- EXERCISE REQUIREMENTS
Go through the records and report each line in which the word "forall" occurs.

- MATERIAL FOR THE TASK

^^^^

(* Let $f=\prod_{i=1}^n(y-a_i)\in\overline K[y]$ be reduced ($a_i$ pairwise distinct, $n\ge2$) with $\nu(a_i)>0$ for all $i$. The complete magic matrix $\mathcal A$ induces an automorphism $\mathcal A_{|\overline{\mathcal F}}$ of $\overline{\mathcal F}$. Moreover, the inverse $(\mathcal A_{|\overline{\mathcal F}})^{-1}$ has graded degree $+1$ and its graded map is $(A_{|F})^{-1}$: for every $r\in\mathbf Q$ and $w\in\overline{\mathcal F}_r$, $(\mathcal A_{|\overline{\mathcal F}})^{-1}w\in\overline{\mathcal F}_{r+1}$ and $\mathrm{in}_{r+1}\bigl((\mathcal A_{|\overline{\mathcal F}})^{-1}w\bigr)=(A_{|F})^{-1}\,\mathrm{in}_r(w)$.
   Context: $\overline K=\bigcup_{d\ge1}\mathbf C[[x^{1/d}]][1/x]$ with valuation $\nu$, $'$ denotes $d/dx$. $\overline{\mathcal E}$ is the $\overline K$-space of polynomials in $y$ of degree $<n$, with basis $\varepsilon_i=\prod_{j\ne i}(y-a_j)$; $\overline{\mathcal F}=\{\sum u_i\varepsilon_i:\sum u_i=0\}$ (the polynomials of degree $<n-1$). $\mathrm{val}(\sum w_i\varepsilon_i)=\inf_i\nu(w_i)$; $\overline{\mathcal F}_r=\{w\in\overline{\mathcal F}:\mathrm{val}(w)\ge r\}$; $\mathrm{in}_r(w)\in\mathbf C^n$ is the vector of coefficients of $x^r$ in the $w_i$. $\mathcal A$ is the symmetric matrix over $\overline K$ with off-diagonal entries $-(a'_i-a'_j)/(a_i-a_j)$ and diagonal entries $\sum_{j\ne i}(a'_i-a'_j)/(a_i-a_j)$, acting on coordinates in the basis $(\varepsilon_i)$. $A$ is the rational matrix with entries $-m_{i,j}$ off the diagonal and $m_i=\sum_{j\ne i}m_{i,j}$ on the diagonal, where $m_{i,j}=\nu(a_i-a_j)$; $F=\{W\in\mathbf C^n:\sum W_i=0\}$ and $A_{|F}$ is the restriction of $A$ to $F$ (which is invertible). *)

From mathcomp Require Import all_boot all_order all_algebra.
From mathcomp Require Import complex.
From mathcomp Require Import all_classical all_reals.
Set Implicit Arguments. Unset Strict Implicit. Unset Printing Implicit Defensive.
Import Order.TTheory GRing.Theory Num.Theory.
Local Open Scope classical_set_scope.
Local Open Scope ring_scope.
(* Let $G$ be a graph of girth at least $6$ having exactly one vertex $x$ of type $2$ and no vertex of type $k$ for any $k\geq 3$. Then $G$ is almost well-covered if and only if every internal vertex of $G$ other than $x$ is of type $0$ or $1$, $N(x)\cap V(G_0)=\emptyset$, $G_0$ is well-covered, and for every independent set $I$ in $G_1$ the following hold: (a) $\alpha(G_0)=i(G_0-N(I))$ if $I\cap N(x)=\emptyset$, and (b) $\alpha(G_0)-i(G_0-N(I))\leq 1$ if $I\cap N(x)\neq\emptyset$.
   Context: All graphs are finite and simple. The girth of a graph is the length of a shortest cycle (infinite for acyclic graphs). For a graph $H$, $\alpha(H)$ is the maximum size of an independent set and $i(H)$ is the minimum size of an inclusion-maximal independent set (both $0$ for the null graph). $H$ is well-covered if $\alpha(H)=i(H)$ and almost well-covered if $\alpha(H)-i(H)=1$. $N(v)$ is the neighborhood of $v$, $N(I)=\bigcup_{v\in I}N(v)$, and $G_0-N(I)$ denotes the graph obtained from $G_0$ by deleting the vertices of $N(I)$. Types of vertices: let $U$ be the set of vertices of $G$ whose connected component is a complete graph. In $G-U$, vertices of degree $1$ are leaves and the others are internal vertices. An internal vertex adjacent to exactly $k$ leaves is of type $k$; every vertex of $U$ is of type $0$. $G_i$ denotes the subgraph of $G$ induced by all vertices of type $i$. *)

(* A finite simple graph is a symmetric irreflexive relation
   e on a finite vertex type T. Subgraphs are induced subgraphs given by
   vertex sets S : {set T}. *)
From mathcomp Require Import all_boot.
Set Implicit Arguments. Unset Strict Implicit. Unset Printing Implicit Defensive.

Section Graphs.
Variables (T : finType) (e : rel T).

Definition simple_graph := symmetric e /\ irreflexive e.

Definition girth_ge6 :=
  forall s : seq T, uniq s -> cycle e s -> 3 <= size s -> 6 <= size s.

Definition independent (I : {set T}) :=
  [forall u in I, forall v in I, ~~ e u v].

Definition indep_in (S I : {set T}) := (I \subset S) && independent I.

Definition maximal_indep_in (S I : {set T}) :=
  indep_in S I && [forall v in S :\: I, exists u in I, e u v].

Definition alpha (S : {set T}) : nat :=
  \max_(I : {set T} | indep_in S I) #|I|.

(* i(G[S]) : minimum size of a maximal independent set (one always exists,
   and each has size <= #|T|, so the default #|T| is never the answer
   except when it is attained). *)
Definition imin (S : {set T}) : nat :=
  \big[minn/#|T|]_(I : {set T} | maximal_indep_in S I) #|I|.

Definition well_covered (S : {set T}) := alpha S = imin S.
Definition almost_well_covered (S : {set T}) := alpha S - imin S = 1.

(* U: vertices whose connected component is a complete graph *)
Definition Uset : {set T} :=
  [set v | [forall u, forall w,
      (connect e v u && connect e v w && (u != w)) ==> e u w]].

Definition degGU (v : T) : nat := #|[set u | e v u & u \notin Uset]|.

Definition is_leaf (v : T) := (v \notin Uset) && (degGU v == 1).
Definition is_internal (v : T) := (v \notin Uset) && (degGU v != 1).

Definition nleaves (v : T) : nat := #|[set u | e v u & is_leaf u]|.

Definition is_type (k : nat) (v : T) :=
  ((v \in Uset) && (k == 0)) || (is_internal v && (nleaves v == k)).

Definition Vtype (k : nat) : {set T} := [set v | is_type k v].

Definition nbhd (v : T) : {set T} := [set u | e v u].
Definition nbhd_set (I : {set T}) : {set T} := [set u | [exists v in I, e v u]].

End Graphs.

From mathcomp Require Import all_boot zify.
Set Implicit Arguments. Unset Strict Implicit. Unset Printing Implicit Defensive.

^^^^

- OUTPUT FOR THIS EXERCISE
  forall s : seq T, uniq s -> cycle e s -> 3 <= size s -> 6 <= size s.
  [forall u in I, forall v in I, ~~ e u v].
  indep_in S I && [forall v in S :\: I, exists u in I, e u v].
  [set v | [forall u, forall w,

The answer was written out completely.